Outstanding Achievement Award
27 October 2014
A joint University study which investigated new approaches to treating cancers of the abdomen has secured worldwide recognition.
The World Congress of Oncology held in Athens earlier this month awarded its Outstanding Achievement Award to the School of Medicine's Professor Wen Jiang in collaboration with Peking University and Yiling Medical Research Institute.
On winning the award, Professor Wen Jiang, said: "We were very pleased with the award from the Congress.
"It is recognition of the joint efforts by the teams in Cardiff, Peking and Yiling of China in this multiple centre collaboration between the two countries.

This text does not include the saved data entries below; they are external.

(* Let $A\in\mathbb{R}^{d\times d}$, $N\ge1$, real coefficients $h_{k,j}$ ($1\le k\le N$, $0\le j\le k-1$), and $x_{k+1}=x_k-\sum_{j=0}^k h_{k+1,j}Ax_j$ for $k=0,\dots,N-1$. Then for $k=1,\dots,N$, \[ x_k=\sum_{m=0}^{k}(-1)^mP(k,m)A^mx_0, \] where $P(k,0)=1$ and, for $1\le m\le k$, $P(k,m)=\sum\prod_{\ell=1}^m h_{i(\ell),j(\ell)}$, the sum ranging over all integer sequences $(i(1),j(1)),\dots,(i(m),j(m))$ with $0\le j(\ell)<i(\ell)$ for all $\ell$, $i(\ell)\le j(\ell+1)$ for $\ell=1,\dots,m-1$, and $i(m)\le k$. *)

From HB Require Import structures.
From mathcomp Require Import all_boot all_order all_algebra.
From mathcomp Require Import reals.
Set Implicit Arguments. Unset Strict Implicit. Unset Printing Implicit Defensive.
Import Order.TTheory GRing.Theory Num.Theory.
Local Open Scope ring_scope.

(* An index sequence (i(1),j(1)),...,(i(m),j(m)) is encoded as a finite
   function s : 'I_m -> 'I_(k.+1) * 'I_(k.+1), with (s l) = (i(l+1), j(l+1)).
   The constraints 0 <= j(l) < i(l), i(l) <= j(l+1), i(m) <= k force all
   entries to lie in {0,...,k}, so the range 'I_(k.+1) loses no sequence. *)
Definition admissible (k m : nat) (s : {ffun 'I_m -> 'I_k.+1 * 'I_k.+1}) : bool :=
  [&& [forall l : 'I_m, ((s l).2 < (s l).1)%N],
      [forall l : 'I_m, forall l' : 'I_m,
          ((l' : nat).+1 == l) ==> ((s l').1 <= (s l).2)%N]
    & [forall l : 'I_m, ((l : nat).+1 == m) ==> ((s l).1 <= k)%N]].

Definition P {R : pzRingType} (h : nat -> nat -> R) (k m : nat) : R :=
  if m == 0%N then 1 else
  \sum_(s : {ffun 'I_m -> 'I_k.+1 * 'I_k.+1} | admissible s)
     \prod_(l < m) h (s l).1 (s l).2.

From HB Require Import structures.
From mathcomp Require Import all_boot all_order all_algebra.
From mathcomp Require Import reals ring.
Set Implicit Arguments. Unset Strict Implicit. Unset Printing Implicit Defensive.
Import Order.TTheory GRing.Theory Num.Theory.
Local Open Scope ring_scope.

(* Proof idea: an admissible sequence of length m+1 bounded by k is an
   admissible sequence of length m bounded by j followed by a last pair (i, j)
   with j < i <= k, so P(k, m+1) = sum_(j < i <= k) P(j, m) h(i, j) and hence
   P(k+1, m+1) - P(k, m+1) = sum_(j <= k) P(j, m) h(k+1, j).  Substituting the
   closed forms of x_0, ..., x_k into the recurrence and comparing the
   coefficients of A^(m+1) x_0 gives the closed form of x_(k+1). *)

Section FfunRcons.
Variables (T : Type) (m : nat).

Definition ffun_rcons (g : {ffun 'I_m -> T}) (t : T) : {ffun 'I_m.+1 -> T} :=
  [ffun i => if unlift ord_max i is Some j then g j else t].

Lemma ffun_rcons_lift g t j : ffun_rcons g t (lift ord_max j) = g j.
Proof. by rewrite ffunE liftK. Qed.

Lemma ffun_rcons_max g t : ffun_rcons g t ord_max = t.
Proof. by rewrite ffunE unlift_none. Qed.

Lemma ffun_rcons_widen g t j : ffun_rcons g t (widen_ord (leqnSn m) j) = g j.
Proof.
have -> : widen_ord (leqnSn m) j = lift ord_max j by exact/val_inj/esym/lift_max.
exact: ffun_rcons_lift.
Qed.

End FfunRcons.

Lemma forall_ordS m (P : pred 'I_m.+1) :
  [forall i, P i] = [forall i : 'I_m, P (lift ord_max i)] && P ord_max.
Proof.
apply/forallP/andP => [allP | [/forallP liftP maxP] i].
  by split; [apply/forallP => i |]; apply: allP.
by case: (unliftP ord_max i) => [j ->|->].
Qed.

Lemma big_ffunS (R : Type) (idx : R) (op : Monoid.com_law idx) (T : finType) m
    (P : pred {ffun 'I_m.+1 -> T}) (F : {ffun 'I_m.+1 -> T} -> R) :
  \big[op/idx]_(f | P f) F f =
  \big[op/idx]_(p : T * {ffun 'I_m -> T} | P (ffun_rcons p.2 p.1)) F (ffun_rcons p.2 p.1).
Proof.
rewrite (reindex (fun p : T * {ffun 'I_m -> T} => ffun_rcons p.2 p.1)) //.
exists (fun f : {ffun 'I_m.+1 -> T} => (f ord_max, [ffun j => f (lift ord_max j)])) => [[t g] _ | f _].
  by rewrite /= ffun_rcons_max; congr pair; apply/ffunP => j; rewrite ffunE ffun_rcons_lift.
by apply/ffunP => i; rewrite ffunE; case: unliftP => [j ->|->]; rewrite ?ffunE.
Qed.

(* [admissible] is [chain] with K = k.+1; leaving the range K free lets the
   prefix of a chain, bounded by some j < k, be compared with [P h j]. *)
Definition chain {K : nat} (k m : nat) (s : {ffun 'I_m -> 'I_K * 'I_K}) : bool :=
  [&& [forall l : 'I_m, ((s l).2 < (s l).1)%N],
      [forall l : 'I_m, forall l' : 'I_m,
          ((l' : nat).+1 == l) ==> ((s l').1 <= (s l).2)%N]
    & [forall l : 'I_m, ((l : nat).+1 == m) ==> ((s l).1 <= k)%N]].

Lemma chain_rcons K k m (g : {ffun 'I_m -> 'I_K * 'I_K}) t :
  chain k (ffun_rcons g t) = [&& (t.1 <= k)%N, (t.2 < t.1)%N & chain t.2 g].
Proof.
set r := ffun_rcons g t.
have r_max : r ord_max = t := ffun_rcons_max g t.
have r_lift (l : 'I_m) : r (lift ord_max l) = g l := ffun_rcons_lift g t l.
have steps : [forall l : 'I_m.+1, ((r l).2 < (r l).1)%N] =
             [forall l : 'I_m, ((g l).2 < (g l).1)%N] && (t.2 < t.1)%N.
  by rewrite forall_ordS r_max; congr andb; apply: eq_forallb => l; rewrite r_lift.
have links : [forall l : 'I_m.+1, forall l' : 'I_m.+1, (l'.+1 == l) ==> ((r l').1 <= (r l).2)%N]
    = [forall l : 'I_m, forall l' : 'I_m, (l'.+1 == l) ==> ((g l').1 <= (g l).2)%N]
      && [forall l : 'I_m, (l.+1 == m) ==> ((g l).1 <= t.2)%N].
  apply/forallP/andP => [r_links | [/forallP g_links /forall_inP g_last] l].
    split; [apply/forallP => l|]; apply/forall_inP => l' e.
      have := forall_inP (r_links (lift ord_max l)) (lift ord_max l').
      by rewrite !r_lift !lift_max; apply.
    have := forall_inP (r_links ord_max) (lift ord_max l').
    by rewrite r_lift r_max lift_max /= (eqP e); apply.
  apply/forall_inP => l' /eqP e.
  case: (unliftP ord_max l') e => [j' ->|->] e; last by move: (ltn_ord l); rewrite -e ltnn.
  case: (unliftP ord_max l) e => [j ->|->] e; rewrite !r_lift ?r_max.
    by rewrite !lift_max in e; apply: (forall_inP (g_links j)); rewrite e.
  by rewrite lift_max in e; apply: g_last; rewrite e.
have last_le : [forall l : 'I_m.+1, (l.+1 == m.+1) ==> ((r l).1 <= k)%N] = (t.1 <= k)%N.
  apply/forallP/idP => [r_last | tk l]; first by have := r_last ord_max; rewrite r_max eqxx.
  apply/implyP; rewrite eqSS => /eqP lm.
  have -> : l = ord_max by apply: val_inj.
  by rewrite r_max.
rewrite /chain steps links last_le.
by case: (t.1 <= k)%N; case: (t.2 < t.1)%N; rewrite ?andbF ?andbT.
Qed.

Section ChainSum.
Variables (R : pzRingType) (h : nat -> nat -> R).

Definition chain_sum K k m : R :=
  \sum_(s : {ffun 'I_m -> 'I_K * 'I_K} | chain k s) \prod_(l < m) h (s l).1 (s l).2.

Lemma chain_sum0 K k : chain_sum K k 0 = 1.
Proof.
rewrite /chain_sum (eq_bigl xpredT) => [|s]; last by apply/and3P; split; apply/forallP; case.
under eq_bigr do rewrite big_ord0.
by rewrite sumr_const card_ffun card_ord expn0.
Qed.

Lemma chain_sumS K k m : (k < K)%N ->
  chain_sum K k m.+1 = \sum_(i < k.+1) \sum_(j < i) chain_sum K j m * h i j.
Proof.
move=> lt_kK; rewrite /chain_sum big_ffunS.
under eq_bigl do rewrite chain_rcons andbA.
under eq_bigr do rewrite big_ord_recr /= ffun_rcons_max.
under eq_bigr do under eq_bigr do rewrite ffun_rcons_widen.
rewrite -(pair_big_dep (fun t : 'I_K * 'I_K => (t.1 <= k)%N && (t.2 < t.1)%N)
  (fun t (g : {ffun 'I_m -> 'I_K * 'I_K}) => chain t.2 g)
  (fun t g => \prod_(l < m) h (g l).1 (g l).2 * h t.1 t.2)) /=.
under eq_bigr do rewrite -mulr_suml.
rewrite -(pair_big_dep (fun i : 'I_K => (i <= k)%N) (fun i (j : 'I_K) => (j < i)%N)
   (fun i j => chain_sum K j m * h i j)) /=.
rewrite (big_ord_widen K (fun i => \sum_(j < i) chain_sum K j m * h i j)) //.
apply: eq_bigr => i _.
by rewrite (big_ord_widen _ (fun j => chain_sum K j m * h i j) (ltnW (ltn_ord i))).
Qed.

Lemma chain_sum_widen K k m : (k < K)%N -> chain_sum K k m = chain_sum k.+1 k m.
Proof.
elim: m K k => [|m IH] K k lt_kK; first by rewrite !chain_sum0.
rewrite !chain_sumS //; apply: eq_bigr => i _; apply: eq_bigr => j _.
have lt_jk : (j < k.+1)%N := ltn_trans (ltn_ord j) (ltn_ord i).
by rewrite (IH _ _ (leq_trans lt_jk lt_kK)) (IH _ _ lt_jk).
Qed.

Lemma P_chain_sum k m : P h k m = chain_sum k.+1 k m.
Proof. by case: m => [|m]; rewrite ?chain_sum0. Qed.

Lemma PS k m : P h k m.+1 = \sum_(i < k.+1) \sum_(j < i) P h j m * h i j.
Proof.
rewrite P_chain_sum chain_sumS //; apply: eq_bigr => i _; apply: eq_bigr => j _.
by rewrite P_chain_sum chain_sum_widen // (ltn_trans (ltn_ord j) (ltn_ord i)).
Qed.

Lemma PSS k m : P h k.+1 m.+1 = P h k m.+1 + \sum_(j < k.+1) P h j m * h k.+1 j.
Proof. by rewrite PS big_ord_recr /= -PS. Qed.

Lemma P0S m : P h 0 m.+1 = 0.
Proof. by rewrite PS big_ord1 big_ord0. Qed.

End ChainSum.

Section ClosedForm.
Variables (R : comPzRingType) (d : nat) (A : 'M[R]_d) (h : nat -> nat -> R).

(* The truncation length n is left free: [A *m closed_form x0 n j] then has
   exactly the powers A^1, ..., A^n that occur in [closed_form x0 n.+1 _]. *)
Definition closed_form (x0 : 'cV[R]_d) n k :=
  \sum_(m < n) ((-1) ^+ m * P h k m) *: (A ^+ m *m x0).

Lemma closed_form_at0 x0 n : closed_form x0 n.+1 0 = x0.
Proof.
rewrite /closed_form big_ord_recl big1 => [|m _]; last by rewrite lift0 P0S mulr0 scale0r.
by rewrite mulr1 scale1r mul1mx addr0.
Qed.

Lemma closed_formS x0 n k :
  closed_form x0 n.+1 k.+1
  = closed_form x0 n.+1 k - \sum_(j < k.+1) h k.+1 j *: (A *m closed_form x0 n j).
Proof.
have A_closed_form j : A *m closed_form x0 n j
    = \sum_(m < n) ((-1) ^+ m * P h j m) *: (A ^+ m.+1 *m x0).
  by rewrite mulmx_sumr; apply: eq_bigr => m _; rewrite -scalemxAr mulmxA exprS mulmxE.
under eq_bigr do rewrite A_closed_form scaler_sumr.
rewrite exchange_big /closed_form !big_ord_recl -addrA -sumrB.
congr (_ + _); apply: eq_bigr => m _.
under eq_bigr do rewrite scalerA.
rewrite -scaler_suml -scalerBl lift0 PSS; congr (_ *: _).
have -> : \sum_(j < k.+1) h k.+1 j * ((-1) ^+ m * P h j m)
          = (-1) ^+ m * \sum_(j < k.+1) P h j m * h k.+1 j.
  by rewrite mulr_sumr; apply: eq_bigr => j _; ring.
by rewrite exprS; ring.
Qed.

Lemma recurrence_closed_form N (x : nat -> 'cV[R]_d) :
    (forall k, (k < N)%N -> x k.+1 = x k - \sum_(j < k.+1) h k.+1 j *: (A *m x j)) ->
  forall k n, (k <= N)%N -> (k < n)%N -> x k = closed_form (x 0%N) n k.
Proof.
move=> rec k; elim/ltn_ind: k => [[|k]] IH [|n] // lt_kN lt_kn.
  by rewrite closed_form_at0.
have le_kN : (k <= N)%N := ltnW lt_kN.
rewrite rec // closed_formS (IH k _ n.+1 le_kN (ltnW lt_kn)) //.
congr (_ - _); apply: eq_bigr => j _.
have le_jk : (j <= k)%N := ltn_ord j.
by rewrite (IH j _ n (leq_trans le_jk le_kN) (leq_ltn_trans le_jk lt_kn)).
Qed.

End ClosedForm.

Theorem lemmaI2 (R : realType) (d N : nat) (A : 'M[R]_d)
    (h : nat -> nat -> R) (x : nat -> 'cV[R]_d) :
  (1 <= N)%N ->
  (forall k : nat, (k < N)%N ->
     x k.+1 = x k - \sum_(j < k.+1) h k.+1 j *: (A *m x j)) ->
  forall k : nat, (1 <= k <= N)%N ->
    x k = \sum_(m < k.+1) ((-1) ^+ m * P h k m) *: (A ^+ m *m x 0%N).
Proof.
move=> _ rec k /andP[_ le_kN].
exact: (recurrence_closed_form rec le_kN (ltnSn k)).
Qed.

"With the highly interesting findings, we are currently developing strategies to take the research into patients with peritoneal spread of cancer, who have little effective options for treatment."
The award winning research found that traditional medicine has the capability to reduce peritoneal metastasis in patients where it is frequently seen, such as gastrointestinal, pancreatic, stomach and ovarian cancers.
Over 60 per cent of patients with ovarian cancer and over 30 per cent of patients with pancreatic cancer will develop peritoneal metastasis, which leads to spreading in the abdominal cavity and can result in high mortality rates.
The study found that an extract from a Chinese medicine formula is able to reduce the peritoneal metastasis from gastric, colorectal, pancreatic and ovarian cancers; the prime mechanism for the medicine to work is reducing cancer cells that settle in the peritoneal cavity wall, by blocking certain types of protein interactions.
There have been few therapeutic options for effective treatment of this previously.
Regional and systemic chemotherapies and to some degree radiotherapy and target therapies have also been used on the patients, all of these have their limits.